## INSTRUCTIONS FOR THE TASK
Pull out every line below that contains the word "leed".

SUPPLIED INFORMATION section start

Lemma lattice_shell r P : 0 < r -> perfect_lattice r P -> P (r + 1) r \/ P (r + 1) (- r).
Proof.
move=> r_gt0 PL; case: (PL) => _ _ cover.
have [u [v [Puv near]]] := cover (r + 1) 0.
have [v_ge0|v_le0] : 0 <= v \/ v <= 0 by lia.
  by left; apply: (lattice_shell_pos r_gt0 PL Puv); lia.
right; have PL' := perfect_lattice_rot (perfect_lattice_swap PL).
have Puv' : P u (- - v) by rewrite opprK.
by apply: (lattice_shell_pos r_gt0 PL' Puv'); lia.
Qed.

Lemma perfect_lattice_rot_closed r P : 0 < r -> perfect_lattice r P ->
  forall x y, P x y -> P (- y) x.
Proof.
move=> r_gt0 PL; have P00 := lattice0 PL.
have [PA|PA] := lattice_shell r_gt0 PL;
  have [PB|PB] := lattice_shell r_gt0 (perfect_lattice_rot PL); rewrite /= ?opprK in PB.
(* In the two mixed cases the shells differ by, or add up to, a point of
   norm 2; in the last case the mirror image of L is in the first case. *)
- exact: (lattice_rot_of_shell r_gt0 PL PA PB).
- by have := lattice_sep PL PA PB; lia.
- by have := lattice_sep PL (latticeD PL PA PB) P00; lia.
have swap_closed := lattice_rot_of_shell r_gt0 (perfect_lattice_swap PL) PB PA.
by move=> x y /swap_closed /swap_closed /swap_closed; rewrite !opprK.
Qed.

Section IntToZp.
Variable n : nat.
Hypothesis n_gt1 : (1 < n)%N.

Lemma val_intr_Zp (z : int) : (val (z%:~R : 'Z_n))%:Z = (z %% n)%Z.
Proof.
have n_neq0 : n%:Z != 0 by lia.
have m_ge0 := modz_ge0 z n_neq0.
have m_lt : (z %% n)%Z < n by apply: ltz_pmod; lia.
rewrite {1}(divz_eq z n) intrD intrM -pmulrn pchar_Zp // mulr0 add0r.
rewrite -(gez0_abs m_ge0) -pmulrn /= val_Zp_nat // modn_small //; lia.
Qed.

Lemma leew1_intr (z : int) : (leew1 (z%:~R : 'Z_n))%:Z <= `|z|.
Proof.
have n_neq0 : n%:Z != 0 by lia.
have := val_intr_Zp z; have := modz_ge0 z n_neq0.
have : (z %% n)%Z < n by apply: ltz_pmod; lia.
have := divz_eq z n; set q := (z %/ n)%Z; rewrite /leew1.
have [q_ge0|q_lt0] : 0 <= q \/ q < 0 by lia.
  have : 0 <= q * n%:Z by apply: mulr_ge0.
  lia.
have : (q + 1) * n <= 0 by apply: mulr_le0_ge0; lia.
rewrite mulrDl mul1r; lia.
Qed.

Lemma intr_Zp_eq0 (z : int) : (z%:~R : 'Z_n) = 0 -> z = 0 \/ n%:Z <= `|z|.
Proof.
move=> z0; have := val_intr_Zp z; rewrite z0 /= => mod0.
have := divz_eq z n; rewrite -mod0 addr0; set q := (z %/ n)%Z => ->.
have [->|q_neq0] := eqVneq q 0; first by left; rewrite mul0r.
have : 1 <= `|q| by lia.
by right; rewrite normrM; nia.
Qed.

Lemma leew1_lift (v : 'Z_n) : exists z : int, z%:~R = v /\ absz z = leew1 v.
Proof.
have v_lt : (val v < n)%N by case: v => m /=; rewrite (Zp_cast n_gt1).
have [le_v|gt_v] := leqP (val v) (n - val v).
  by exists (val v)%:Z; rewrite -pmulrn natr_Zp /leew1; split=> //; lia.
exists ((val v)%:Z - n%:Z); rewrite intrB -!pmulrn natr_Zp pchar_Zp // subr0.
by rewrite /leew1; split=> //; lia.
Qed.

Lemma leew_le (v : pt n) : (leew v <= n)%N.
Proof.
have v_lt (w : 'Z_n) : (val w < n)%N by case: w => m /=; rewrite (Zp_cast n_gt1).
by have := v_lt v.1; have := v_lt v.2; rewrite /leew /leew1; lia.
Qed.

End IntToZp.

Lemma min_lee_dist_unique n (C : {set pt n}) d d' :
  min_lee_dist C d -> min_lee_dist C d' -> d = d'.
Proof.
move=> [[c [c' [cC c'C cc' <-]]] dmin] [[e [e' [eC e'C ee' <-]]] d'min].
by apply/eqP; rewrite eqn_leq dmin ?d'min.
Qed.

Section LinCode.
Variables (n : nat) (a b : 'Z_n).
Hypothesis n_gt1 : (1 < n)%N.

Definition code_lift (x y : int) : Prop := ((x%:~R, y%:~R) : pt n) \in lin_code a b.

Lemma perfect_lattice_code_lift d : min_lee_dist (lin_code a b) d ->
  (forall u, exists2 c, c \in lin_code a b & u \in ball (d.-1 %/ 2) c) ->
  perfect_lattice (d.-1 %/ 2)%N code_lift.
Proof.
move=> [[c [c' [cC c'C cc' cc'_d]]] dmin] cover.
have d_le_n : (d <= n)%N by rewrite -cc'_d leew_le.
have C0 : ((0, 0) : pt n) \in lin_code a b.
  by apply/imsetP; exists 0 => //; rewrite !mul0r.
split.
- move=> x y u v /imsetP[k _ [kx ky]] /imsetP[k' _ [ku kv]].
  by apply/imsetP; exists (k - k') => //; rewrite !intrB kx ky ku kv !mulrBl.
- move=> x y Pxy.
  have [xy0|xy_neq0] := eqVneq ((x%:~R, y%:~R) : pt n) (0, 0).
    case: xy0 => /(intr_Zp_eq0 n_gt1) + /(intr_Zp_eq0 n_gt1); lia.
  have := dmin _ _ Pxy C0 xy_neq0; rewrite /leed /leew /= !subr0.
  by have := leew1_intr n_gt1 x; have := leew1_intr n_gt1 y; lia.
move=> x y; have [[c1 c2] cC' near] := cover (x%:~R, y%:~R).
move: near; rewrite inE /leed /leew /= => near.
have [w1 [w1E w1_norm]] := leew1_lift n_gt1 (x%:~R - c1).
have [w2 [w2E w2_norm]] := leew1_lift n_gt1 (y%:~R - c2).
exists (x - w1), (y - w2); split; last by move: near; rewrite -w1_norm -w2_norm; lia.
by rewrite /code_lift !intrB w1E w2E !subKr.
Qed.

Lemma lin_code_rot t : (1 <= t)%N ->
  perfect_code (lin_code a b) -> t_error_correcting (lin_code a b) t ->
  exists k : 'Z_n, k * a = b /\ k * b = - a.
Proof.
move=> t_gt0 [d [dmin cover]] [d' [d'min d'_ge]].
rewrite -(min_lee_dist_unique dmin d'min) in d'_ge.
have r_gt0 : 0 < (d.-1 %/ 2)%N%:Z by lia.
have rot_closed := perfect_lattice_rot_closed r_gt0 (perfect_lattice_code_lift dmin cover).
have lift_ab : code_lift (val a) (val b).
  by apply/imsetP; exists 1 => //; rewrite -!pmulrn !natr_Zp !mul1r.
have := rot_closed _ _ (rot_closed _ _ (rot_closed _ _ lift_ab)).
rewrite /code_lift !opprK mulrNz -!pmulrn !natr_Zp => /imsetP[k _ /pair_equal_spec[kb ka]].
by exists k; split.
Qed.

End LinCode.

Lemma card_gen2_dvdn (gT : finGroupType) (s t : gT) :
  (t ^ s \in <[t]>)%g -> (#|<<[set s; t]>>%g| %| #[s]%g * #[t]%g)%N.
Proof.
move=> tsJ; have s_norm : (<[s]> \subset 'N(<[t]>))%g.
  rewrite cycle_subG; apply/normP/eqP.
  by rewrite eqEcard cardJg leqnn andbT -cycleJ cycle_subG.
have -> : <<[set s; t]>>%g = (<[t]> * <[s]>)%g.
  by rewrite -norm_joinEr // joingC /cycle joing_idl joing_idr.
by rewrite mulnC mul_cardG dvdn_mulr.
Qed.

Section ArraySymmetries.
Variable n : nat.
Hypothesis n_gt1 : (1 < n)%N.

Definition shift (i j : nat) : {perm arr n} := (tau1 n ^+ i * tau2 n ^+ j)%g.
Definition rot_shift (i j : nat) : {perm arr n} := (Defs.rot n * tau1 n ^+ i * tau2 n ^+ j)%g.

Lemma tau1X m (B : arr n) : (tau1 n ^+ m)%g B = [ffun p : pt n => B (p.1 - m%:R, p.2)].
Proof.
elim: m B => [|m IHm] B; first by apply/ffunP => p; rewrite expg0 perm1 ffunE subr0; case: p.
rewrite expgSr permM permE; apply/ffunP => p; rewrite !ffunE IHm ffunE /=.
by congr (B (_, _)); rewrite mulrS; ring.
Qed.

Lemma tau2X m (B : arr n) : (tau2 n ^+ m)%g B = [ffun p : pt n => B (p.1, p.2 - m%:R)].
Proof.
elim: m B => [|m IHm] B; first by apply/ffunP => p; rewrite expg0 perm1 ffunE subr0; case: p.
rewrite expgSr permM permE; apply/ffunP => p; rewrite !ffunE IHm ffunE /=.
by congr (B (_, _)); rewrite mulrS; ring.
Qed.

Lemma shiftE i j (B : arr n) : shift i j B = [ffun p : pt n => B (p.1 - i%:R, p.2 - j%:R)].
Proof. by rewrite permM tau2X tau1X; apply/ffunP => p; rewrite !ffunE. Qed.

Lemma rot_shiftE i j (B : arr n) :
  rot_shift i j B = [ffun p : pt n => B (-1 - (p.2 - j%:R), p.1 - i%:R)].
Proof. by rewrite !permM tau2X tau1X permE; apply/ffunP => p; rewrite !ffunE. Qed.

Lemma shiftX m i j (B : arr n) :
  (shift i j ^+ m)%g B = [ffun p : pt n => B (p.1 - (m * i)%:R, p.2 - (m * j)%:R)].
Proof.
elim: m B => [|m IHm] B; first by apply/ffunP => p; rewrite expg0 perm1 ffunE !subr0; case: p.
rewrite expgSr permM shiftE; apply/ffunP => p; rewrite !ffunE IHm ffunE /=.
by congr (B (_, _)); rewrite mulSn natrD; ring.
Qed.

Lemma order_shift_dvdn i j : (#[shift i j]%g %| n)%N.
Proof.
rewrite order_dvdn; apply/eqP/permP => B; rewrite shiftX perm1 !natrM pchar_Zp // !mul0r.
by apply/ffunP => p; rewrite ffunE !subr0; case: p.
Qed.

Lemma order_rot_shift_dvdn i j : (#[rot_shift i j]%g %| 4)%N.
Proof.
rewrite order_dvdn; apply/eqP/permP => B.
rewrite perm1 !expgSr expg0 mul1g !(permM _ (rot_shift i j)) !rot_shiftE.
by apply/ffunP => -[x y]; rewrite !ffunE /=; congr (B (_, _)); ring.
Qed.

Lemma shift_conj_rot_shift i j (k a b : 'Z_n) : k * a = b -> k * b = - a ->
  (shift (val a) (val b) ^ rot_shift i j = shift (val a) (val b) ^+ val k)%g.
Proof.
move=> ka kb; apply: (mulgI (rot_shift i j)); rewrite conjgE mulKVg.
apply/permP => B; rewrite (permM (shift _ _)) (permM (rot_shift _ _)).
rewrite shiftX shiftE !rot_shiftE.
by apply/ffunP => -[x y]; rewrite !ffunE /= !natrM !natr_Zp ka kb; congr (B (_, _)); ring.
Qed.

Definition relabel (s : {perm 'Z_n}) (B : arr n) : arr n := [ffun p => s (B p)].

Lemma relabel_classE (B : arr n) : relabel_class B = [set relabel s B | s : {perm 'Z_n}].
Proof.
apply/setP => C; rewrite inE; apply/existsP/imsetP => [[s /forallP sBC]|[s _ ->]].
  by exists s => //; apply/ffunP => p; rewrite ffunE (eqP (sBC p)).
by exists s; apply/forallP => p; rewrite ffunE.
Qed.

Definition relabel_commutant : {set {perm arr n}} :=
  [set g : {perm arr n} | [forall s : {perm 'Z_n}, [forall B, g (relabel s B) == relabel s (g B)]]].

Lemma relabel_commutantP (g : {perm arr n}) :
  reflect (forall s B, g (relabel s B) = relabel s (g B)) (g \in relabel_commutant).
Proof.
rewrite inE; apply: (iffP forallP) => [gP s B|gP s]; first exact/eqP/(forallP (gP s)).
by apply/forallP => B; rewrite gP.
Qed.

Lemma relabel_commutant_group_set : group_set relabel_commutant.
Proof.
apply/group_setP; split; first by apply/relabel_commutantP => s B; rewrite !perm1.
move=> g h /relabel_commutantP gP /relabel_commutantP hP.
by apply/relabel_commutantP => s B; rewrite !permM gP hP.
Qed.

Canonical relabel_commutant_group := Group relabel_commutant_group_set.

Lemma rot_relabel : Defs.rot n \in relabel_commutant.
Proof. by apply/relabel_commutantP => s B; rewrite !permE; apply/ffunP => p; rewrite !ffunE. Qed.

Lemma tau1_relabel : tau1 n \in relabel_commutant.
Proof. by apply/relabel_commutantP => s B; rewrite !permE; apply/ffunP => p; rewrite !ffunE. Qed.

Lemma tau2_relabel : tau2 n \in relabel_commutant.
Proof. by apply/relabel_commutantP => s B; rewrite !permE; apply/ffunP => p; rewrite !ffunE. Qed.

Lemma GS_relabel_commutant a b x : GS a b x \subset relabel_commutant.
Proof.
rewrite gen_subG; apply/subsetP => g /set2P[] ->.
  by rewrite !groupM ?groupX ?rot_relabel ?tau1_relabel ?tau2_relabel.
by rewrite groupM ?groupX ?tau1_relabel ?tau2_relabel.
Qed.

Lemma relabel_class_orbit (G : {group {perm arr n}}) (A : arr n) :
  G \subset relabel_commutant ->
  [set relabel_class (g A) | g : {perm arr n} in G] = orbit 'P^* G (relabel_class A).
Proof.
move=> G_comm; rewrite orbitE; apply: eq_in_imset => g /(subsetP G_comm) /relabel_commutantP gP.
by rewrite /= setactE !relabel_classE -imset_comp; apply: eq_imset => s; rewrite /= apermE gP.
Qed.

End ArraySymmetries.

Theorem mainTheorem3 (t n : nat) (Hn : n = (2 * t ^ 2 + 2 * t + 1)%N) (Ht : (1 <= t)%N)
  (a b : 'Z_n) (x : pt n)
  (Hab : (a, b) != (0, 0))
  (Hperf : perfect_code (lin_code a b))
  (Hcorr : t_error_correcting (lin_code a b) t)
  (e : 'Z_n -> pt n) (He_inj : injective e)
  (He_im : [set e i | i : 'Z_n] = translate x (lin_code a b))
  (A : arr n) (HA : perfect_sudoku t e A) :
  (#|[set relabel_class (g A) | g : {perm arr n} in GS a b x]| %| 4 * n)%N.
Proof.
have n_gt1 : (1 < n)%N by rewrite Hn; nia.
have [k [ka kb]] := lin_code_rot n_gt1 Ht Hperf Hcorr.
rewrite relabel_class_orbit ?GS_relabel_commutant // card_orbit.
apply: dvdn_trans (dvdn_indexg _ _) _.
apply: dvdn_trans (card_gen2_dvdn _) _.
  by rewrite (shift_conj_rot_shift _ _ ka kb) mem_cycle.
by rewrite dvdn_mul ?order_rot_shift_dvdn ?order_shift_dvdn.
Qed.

SUPPLIED INFORMATION section end
SUPPLIED INFORMATION section start

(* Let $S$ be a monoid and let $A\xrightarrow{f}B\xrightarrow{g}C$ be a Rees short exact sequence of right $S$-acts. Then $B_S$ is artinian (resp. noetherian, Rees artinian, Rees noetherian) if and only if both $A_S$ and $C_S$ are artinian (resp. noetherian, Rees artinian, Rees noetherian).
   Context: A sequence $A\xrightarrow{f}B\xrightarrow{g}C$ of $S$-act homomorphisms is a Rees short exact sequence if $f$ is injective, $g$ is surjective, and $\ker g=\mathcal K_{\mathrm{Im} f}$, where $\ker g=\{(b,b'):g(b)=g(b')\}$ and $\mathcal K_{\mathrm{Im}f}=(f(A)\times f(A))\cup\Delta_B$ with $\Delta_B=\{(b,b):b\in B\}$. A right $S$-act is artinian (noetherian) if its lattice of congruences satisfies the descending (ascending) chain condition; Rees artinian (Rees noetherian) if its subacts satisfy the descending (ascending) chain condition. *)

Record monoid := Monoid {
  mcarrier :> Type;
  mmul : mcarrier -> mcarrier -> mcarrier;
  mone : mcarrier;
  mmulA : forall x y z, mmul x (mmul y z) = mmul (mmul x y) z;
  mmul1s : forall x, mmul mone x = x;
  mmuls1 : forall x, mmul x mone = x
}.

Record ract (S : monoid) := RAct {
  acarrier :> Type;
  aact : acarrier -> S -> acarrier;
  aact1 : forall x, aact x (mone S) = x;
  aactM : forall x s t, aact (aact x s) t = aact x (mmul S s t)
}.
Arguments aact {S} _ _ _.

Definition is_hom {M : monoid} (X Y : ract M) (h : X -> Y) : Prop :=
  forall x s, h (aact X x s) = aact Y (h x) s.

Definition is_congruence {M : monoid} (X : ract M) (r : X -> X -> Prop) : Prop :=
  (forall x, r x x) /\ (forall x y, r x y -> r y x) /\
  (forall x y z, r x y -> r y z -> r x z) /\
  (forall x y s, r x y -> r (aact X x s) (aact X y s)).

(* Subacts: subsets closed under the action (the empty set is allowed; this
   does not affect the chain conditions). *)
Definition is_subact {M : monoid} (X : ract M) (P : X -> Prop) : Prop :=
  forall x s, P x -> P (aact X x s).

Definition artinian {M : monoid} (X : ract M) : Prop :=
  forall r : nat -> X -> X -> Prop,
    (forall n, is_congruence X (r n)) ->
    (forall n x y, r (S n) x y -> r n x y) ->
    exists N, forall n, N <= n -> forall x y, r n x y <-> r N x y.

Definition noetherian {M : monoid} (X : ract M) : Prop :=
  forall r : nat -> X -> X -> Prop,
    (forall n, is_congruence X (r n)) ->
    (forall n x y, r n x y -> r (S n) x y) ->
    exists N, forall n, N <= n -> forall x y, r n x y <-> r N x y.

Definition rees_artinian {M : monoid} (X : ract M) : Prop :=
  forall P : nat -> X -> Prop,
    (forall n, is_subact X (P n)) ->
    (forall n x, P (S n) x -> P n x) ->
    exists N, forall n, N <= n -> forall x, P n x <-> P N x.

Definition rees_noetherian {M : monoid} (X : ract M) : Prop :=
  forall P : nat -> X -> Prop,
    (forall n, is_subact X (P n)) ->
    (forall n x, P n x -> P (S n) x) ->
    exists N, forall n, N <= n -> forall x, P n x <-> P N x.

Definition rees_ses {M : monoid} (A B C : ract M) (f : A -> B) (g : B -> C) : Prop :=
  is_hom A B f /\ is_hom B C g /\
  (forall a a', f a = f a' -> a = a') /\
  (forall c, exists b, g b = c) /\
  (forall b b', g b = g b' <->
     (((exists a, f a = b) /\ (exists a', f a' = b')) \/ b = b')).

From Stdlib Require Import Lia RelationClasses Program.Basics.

SUPPLIED INFORMATION section end

## TASK ANSWER
  have := dmin _ _ Pxy C0 xy_neq0; rewrite /leed /leew /= !subr0.
move: near; rewrite inE /leed /leew /= => near.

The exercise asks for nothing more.